A Randomized Crossover Study to Determine Bioequivalence of Generic and Brand Name Nevirapine, Zidovudine, and Lamivudine in HIV-Negative Women in India.

Author(s): Vezina HE, Henry K, Ravindran GD, Kurpad AV, Raj TD, Fox K, Weller D, Brundage RC, Cavert W, Balfour HH Jr

Affiliation(s): From the *Department of Laboratory Medicine and Pathology and Department of Experimental and Clinical Pharmacology, University of Minnesota, Minneapolis, MN; daggerDepartment of Medicine, Hennepin County Medical Center, Minneapolis, MN and Department of Medicine, University of Minnesota, Minneapolis, MN; double daggerSt. John's Medical College, Bangalore, Karnataka, India; section signInstitution of Population Health and Clinical Research, St. John's Academy of Health Sciences, Bangalore, Karnataka, India; paragraph signDepartment of Experimental and Clinical Pharmacology, University of Minnesota, Minneapolis, MN; ||Department of Laboratory Medicine and Pathology and Department of Medicine, University of Minnesota, Minneapolis, MN; and #Department of Laboratory Medicine and Pathology and Department of Pediatrics, University of Minnesota, Minneapolis, MN.

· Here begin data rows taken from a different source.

Theorem balance_law_weak_delta_shock :
  balance_law_weak k (piecewise xi rl rr) (piecewise xi fl fr) (piecewise xi sl sr)
    (riemann (rl 0) (rr 0)) m (fun t => m t * sig t) ms xi.
Proof.
  intros psi psix psit [Hsm [L [HL Hvan]]] Hpx Hpt.
  assert (Hsmx := smooth2_partial_x _ _ Hsm Hpx).
  assert (Hsmt := smooth2_partial_t _ _ Hsm Hpt).
  assert (Hvanx := vanishes_beyond_partial_x _ _ _ Hvan Hpx).
  assert (Hvant := vanishes_beyond_partial_t _ _ _ Hvan Hpt).
  assert (Hrl : forall t, continuous rl t) by (intros; eapply continuous_of_is_derive, rl_deriv).
  assert (Hrr : forall t, continuous rr t) by (intros; eapply continuous_of_is_derive, rr_deriv).
  assert (Hm : forall t, continuous (ext0 m) t)
    by (intros; apply continuous_ext0; eapply cont_nonneg_of_deriv, m_deriv).
  assert (Hmf : forall t, continuous (ext0 (fun s => m s * sig s)) t)
    by (intros; apply continuous_Rmult; [apply Hm | now apply continuous_ext0]).
  set (d1 := pairing_density rl rr m shock_curve psit (L + 1)).
  set (d2 := pairing_density fl fr (fun s => m s * sig s) shock_curve psix (L + 1)).
  set (d3 := pairing_density sl sr ms shock_curve psi (L + 1)).
  set (Phi := pairing_density rl rr m shock_curve psi (L + 1)).
  assert (Hcont : forall l r c phi, smooth2 phi -> (forall s, continuous l s) ->
            (forall s, continuous r s) -> (forall s, continuous (ext0 c) s) ->
            forall t, continuous (pairing_density l r c shock_curve phi (L + 1)) t).
  { intros. apply (continuous_pairing_density _ _ _ _ (ext0 sig));
      auto using is_derive_shock_curve. }
  assert (Hsum : is_RInt (fun t => d1 t + d2 t + k * d3 t) 0 (L + 1)
                   (RInt d1 0 (L + 1) + RInt d2 0 (L + 1) + k * RInt d3 0 (L + 1))).
  { apply (is_RInt_plus (V := R_NormedModule));
      [apply (is_RInt_plus (V := R_NormedModule)) | apply (is_RInt_scal (V := R_NormedModule))];
      apply is_RInt_RInt_continuous; intros; apply Hcont; auto. }
  assert (Hftc : is_RInt (fun t => d1 t + d2 t + k * d3 t) 0 (L + 1) (Phi (L + 1) - Phi 0)).
  { apply is_RInt_derive_right_open; [lra | | apply Hcont; auto |].
    - intros. apply continuous_Rplus; [apply continuous_Rplus |]; try apply Hcont; auto.
      apply (continuous_scal_r k d3). apply Hcont; auto.
    - intros t [Ht _]. now apply is_derive_pairing_density. }
  unfold Phi in Hftc. rewrite pairing_density_vanishes, pairing_density_0 in Hftc
    by (assumption || apply Rle_refl).
  apply (is_RInt_unique (V := R_CompleteNormedModule)) in Hsum, Hftc.
  exists (RInt d1 0 (L + 1)), (RInt d2 0 (L + 1)), (RInt d3 0 (L + 1)),
    (rl 0 * RInt (fun x => psi x 0) (- (L + 1)) 0 + rr 0 * RInt (fun x => psi x 0) 0 (L + 1)).
  split; [| split; [| split; [| split]]];
    try (apply (pairing_piecewise _ _ _ _ _ (ext0 sig));
         auto using is_derive_shock_curve, xi_shock_curve).
  - apply (IntR_piecewise _ (fun x => psi x 0)); [exact HL | | |].
    + intros; apply Hvan; now left.
    + intros; apply cont2_continuous_x, smooth2_cont2, Hsm.
    + intros x. unfold riemann. now destruct Rlt_dec.
  - lra.
Qed.

End Balance.
End ShockCurve.

Lemma balance_law_weak_ext k (rho f s : R -> R -> R) rI mr mf ms xi
  (rho' f' s' : R -> R -> R) rI' mf' :
  (forall x t, rho x t = rho' x t) -> (forall x t, f x t = f' x t) ->
  (forall x t, s x t = s' x t) -> (forall x, rI x = rI' x) -> (forall t, mf t = mf' t) ->
  balance_law_weak k rho f s rI mr mf ms xi -> balance_law_weak k rho' f' s' rI' mr mf' ms xi.
Proof.
  intros Hrho Hf Hs HI Hmf.
  replace rho' with rho by (extensionality x; extensionality t; apply Hrho).
  replace f' with f by (extensionality x; extensionality t; apply Hf).
  replace s' with s by (extensionality x; extensionality t; apply Hs).
  replace rI' with rI by (extensionality x; apply HI).
  now replace mf' with mf by (extensionality t; apply Hmf).
Qed.

Lemma weak_solution_of_balance_laws mu ua (aI uI : R -> R) (alpha0 u0 : R -> R -> R)
  (w xi dxi : R -> R) :
  balance_law_weak 0 alpha0 (fun x t => alpha0 x t * u0 x t) (fun _ _ => 0) aI
    w (fun t => w t * dxi t) (fun _ => 0) xi ->
  balance_law_weak mu (fun x t => alpha0 x t * u0 x t) (fun x t => alpha0 x t * (u0 x t) ^ 2)
    (fun x t => alpha0 x t * (ua - u0 x t)) (fun x => aI x * uI x)
    (fun t => w t * dxi t) (fun t => dxi t * w t * dxi t) (fun t => (ua - dxi t) * w t) xi ->
  weak_solution mu ua aI uI alpha0 u0 w xi dxi.
Proof.
  intros Hmass Hmom psi psix psit Hpsi Hpx Hpt. split.
  - destruct (Hmass psi psix psit Hpsi Hpx Hpt) as (p1 & p2 & p3 & q & H1 & H2 & _ & Hq & E).
    exists p1, p2, q. repeat split; auto. lra.
  - destruct (Hmom psi psix psit Hpsi Hpx Hpt) as (p1 & p2 & p3 & q & H1 & H2 & H3 & Hq & E).
    exists p1, p2, p3, q. auto.
Qed.

Lemma deriv_nonneg_eq (f : R -> R) t l l' : l = l' -> deriv_nonneg f t l -> deriv_nonneg f t l'.
Proof. now intros ->. Qed.

Lemma mass_balance_delta_shock (am ap : R) (ul ur w sig xi : R -> R) :
  cont_nonneg sig -> (forall t, 0 <= t -> RInt_rel sig 0 t (xi t)) ->
  (forall t, continuous ul t) -> (forall t, continuous ur t) ->
  (forall t, 0 <= t -> deriv_nonneg w t ((ap - am) * sig t - (ap * ur t - am * ul t))) ->
  w 0 = 0 ->
  balance_law_weak 0 (piecewise xi (fun _ => am) (fun _ => ap))
    (fun x t => piecewise xi (fun _ => am) (fun _ => ap) x t * piecewise xi ul ur x t)
    (fun _ _ => 0) (riemann am ap) w (fun t => w t * sig t) (fun _ => 0) xi.
Proof.
  intros Hsig Hxi Hul Hur Hw Hw0.
  eapply balance_law_weak_ext; [.. | apply (balance_law_weak_delta_shock sig xi Hsig Hxi 0
    (fun _ => am) (fun _ => ap) (fun t => am * ul t) (fun t => ap * ur t)
    (fun _ => 0) (fun _ => 0) w (fun _ => 0))].
  all: intros; cbv beta; try (unfold piecewise; destruct Rlt_dec; ring).
  all: first
    [ reflexivity | exact Hw0
    | rewrite Rmult_0_l; apply (is_derive_const (K := R_AbsRing) (V := R_NormedModule))
    | apply continuous_const
    | apply continuous_Rmult; auto using continuous_const
    | eapply deriv_nonneg_eq; [| apply Hw; assumption]; ring ].
Qed.

Lemma momentum_balance_delta_shock (mu ua am ap um up : R) (ul ur w sig xi : R -> R) :
  cont_nonneg sig -> (forall t, 0 <= t -> RInt_rel sig 0 t (xi t)) ->
  (forall t, is_derive ul t (mu * (ua - ul t))) -> (forall t, is_derive ur t (mu * (ua - ur t))) ->
  ul 0 = um -> ur 0 = up -> cont_nonneg w ->
  (forall t, 0 <= t -> deriv_nonneg (fun s => w s * sig s) t
     ((ap * ur t - am * ul t) * sig t - (ap * (ur t)^2 - am * (ul t)^2)
      + mu * (ua - sig t) * w t)) ->
  w 0 = 0 ->
  balance_law_weak mu
    (fun x t => piecewise xi (fun _ => am) (fun _ => ap) x t * piecewise xi ul ur x t)
    (fun x t => piecewise xi (fun _ => am) (fun _ => ap) x t * (piecewise xi ul ur x t) ^ 2)
    (fun x t => piecewise xi (fun _ => am) (fun _ => ap) x t * (ua - piecewise xi ul ur x t))
    (fun x => riemann am ap x * riemann um up x)
    (fun t => w t * sig t) (fun t => sig t * w t * sig t) (fun t => (ua - sig t) * w t) xi.
Proof.
  intros Hsig Hxi Hul Hur Hul0 Hur0 Hwc Hmom Hw0.
  assert (Hulc : forall t, continuous ul t) by (intros; eapply continuous_of_is_derive, Hul).
  assert (Hurc : forall t, continuous ur t) by (intros; eapply continuous_of_is_derive, Hur).
  (* the relaxation ODE u' = mu (ua - u) is the momentum source of each constant state *)
  assert (Hscal : forall c f, (forall t, is_derive f t (mu * (ua - f t))) ->
            forall t, is_derive (fun s => c * f s) t (mu * (c * (ua - f t)))).
  { intros c f Hf t. replace (mu * (c * (ua - f t))) with (0 * f t + c * (mu * (ua - f t)))
      by ring.
    apply is_derive_Rmult; [| apply Hf].
    apply (is_derive_const (K := R_AbsRing) (V := R_NormedModule)). }
  assert (Hms : forall t, continuous (ext0 (fun s => (ua - sig s) * w s)) t).
  { intros. apply (continuous_Rmult (fun s => ua - ext0 sig s) (ext0 w));
      [apply continuous_Rminus |]; auto using continuous_const, continuous_ext0. }
  eapply balance_law_weak_ext; [.. | apply (balance_law_weak_delta_shock sig xi Hsig Hxi mu
    (fun t => am * ul t) (fun t => ap * ur t)
    (fun t => am * (ul t * ul t)) (fun t => ap * (ur t * ur t))
    (fun t => am * (ua - ul t)) (fun t => ap * (ua - ur t))
    (fun t => w t * sig t) (fun t => (ua - sig t) * w t))].
  all: intros; cbv beta;
    try (unfold piecewise, riemann; destruct Rlt_dec; rewrite ?Hul0, ?Hur0; ring).
  all: first
    [ ring | rewrite Hw0; ring | apply Hscal; assumption | apply Hms
    | eapply deriv_nonneg_eq; [| apply Hmom; assumption]; ring
    | solve [repeat first [ apply continuous_Rmult | apply continuous_Rminus
                          | apply continuous_const | apply Hulc | apply Hurc ]] ].
Qed.

Theorem mainTheorem10 :
  forall (mu ua am ap um up : R),
    0 < mu -> 0 < am -> 0 < ap -> up < um ->
    let ul := fun t => ua + (um - ua) * exp (- mu * t) in
    let ur := fun t => ua + (up - ua) * exp (- mu * t) in
    forall (w sig : R -> R),
      C1_nonneg w -> C1_nonneg sig ->
      (forall t, 0 <= t -> deriv_nonneg w t
          ((ap - am) * sig t - (ap * ur t - am * ul t))) ->
      (forall t, 0 <= t -> deriv_nonneg (fun s => w s * sig s) t
          ((ap * ur t - am * ul t) * sig t
           - (ap * (ur t)^2 - am * (ul t)^2)
           + mu * (ua - sig t) * w t)) ->
      w 0 = 0 ->
      (forall t, 0 <= t -> ur t < sig t < ul t) ->
      forall xi : R -> R,
        (forall t, 0 <= t -> RInt_rel sig 0 t (xi t)) ->
        delta_shock_solution mu ua am um ap up ul ur w xi.
Proof.
  intros mu ua am ap um up _ _ _ _ ul ur w sig [w' [Hw' _]] [sig' [Hsig' _]] Hmass Hmom Hw0
    Hlax xi Hxi.
  assert (Hsig := cont_nonneg_of_deriv sig sig' Hsig').
  assert (Hul : forall t, is_derive ul t (mu * (ua - ul t)))
    by (intros; unfold ul; auto_derive; [auto | ring]).
  assert (Hur : forall t, is_derive ur t (mu * (ua - ur t)))
    by (intros; unfold ur; auto_derive; [auto | ring]).
  exists sig. split; [| split].
  - intros; now apply (derivable_pt_lim_xi sig xi).
  - apply weak_solution_of_balance_laws.
    + apply mass_balance_delta_shock; auto; intros; eapply continuous_of_is_derive; auto.
    + apply momentum_balance_delta_shock; auto.
      * unfold ul. rewrite Rmult_0_r, exp_0. ring.
      * unfold ur. rewrite Rmult_0_r, exp_0. ring.
      * exact (cont_nonneg_of_deriv w w' Hw').
  - intros t Ht. apply Hlax. lra.
Qed.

Publication date & source: 2006-02-01, J Acquir Immune Defic Syndr., 41(2):131-136.

Publication type:

Low-cost generic antiretroviral drugs are available in resource-limited settings for treatment of HIV infections. However, few bioequivalence data in specific populations in which these generics are likely to be used are available. We conducted a randomized crossover bioequivalence study of generic and brand name formulations of nevirapine, zidovudine, and lamivudine in HIV-negative Indian women using US Food and Drug Administration (FDA) criteria. Subjects took single doses of all formulations separated by a 14-day washout period. Plasma concentrations were measured over 96 hours during each study period. Average bioequivalence was determined using natural log-transformed maximum concentration (Cmax) and area-under-the-concentration-time curve (AUC) mean ratio data. Fifteen Indian women were enrolled. The 90% confidence intervals for nevirapine (14 subjects) and lamivudine (15 subjects) Cmax, AUC from 0 to the last measurable time point (AUC0-t), and AUC from 0 to infinity (AUC0-infinity) mean ratios and zidovudine (15 subjects) AUC0-t and AUC0-infinity mean ratios were all within 0.80 to 1.25. However, the 90% confidence interval for zidovudine Cmax mean ratio was 0.70 to 1.46. Generic and brand name nevirapine and lamivudine met FDA average bioequivalence criteria. Lack of average bioequivalence for zidovudine was found for Cmax but is not expected to be clinically significant, because the total AUC values were similar between formulations.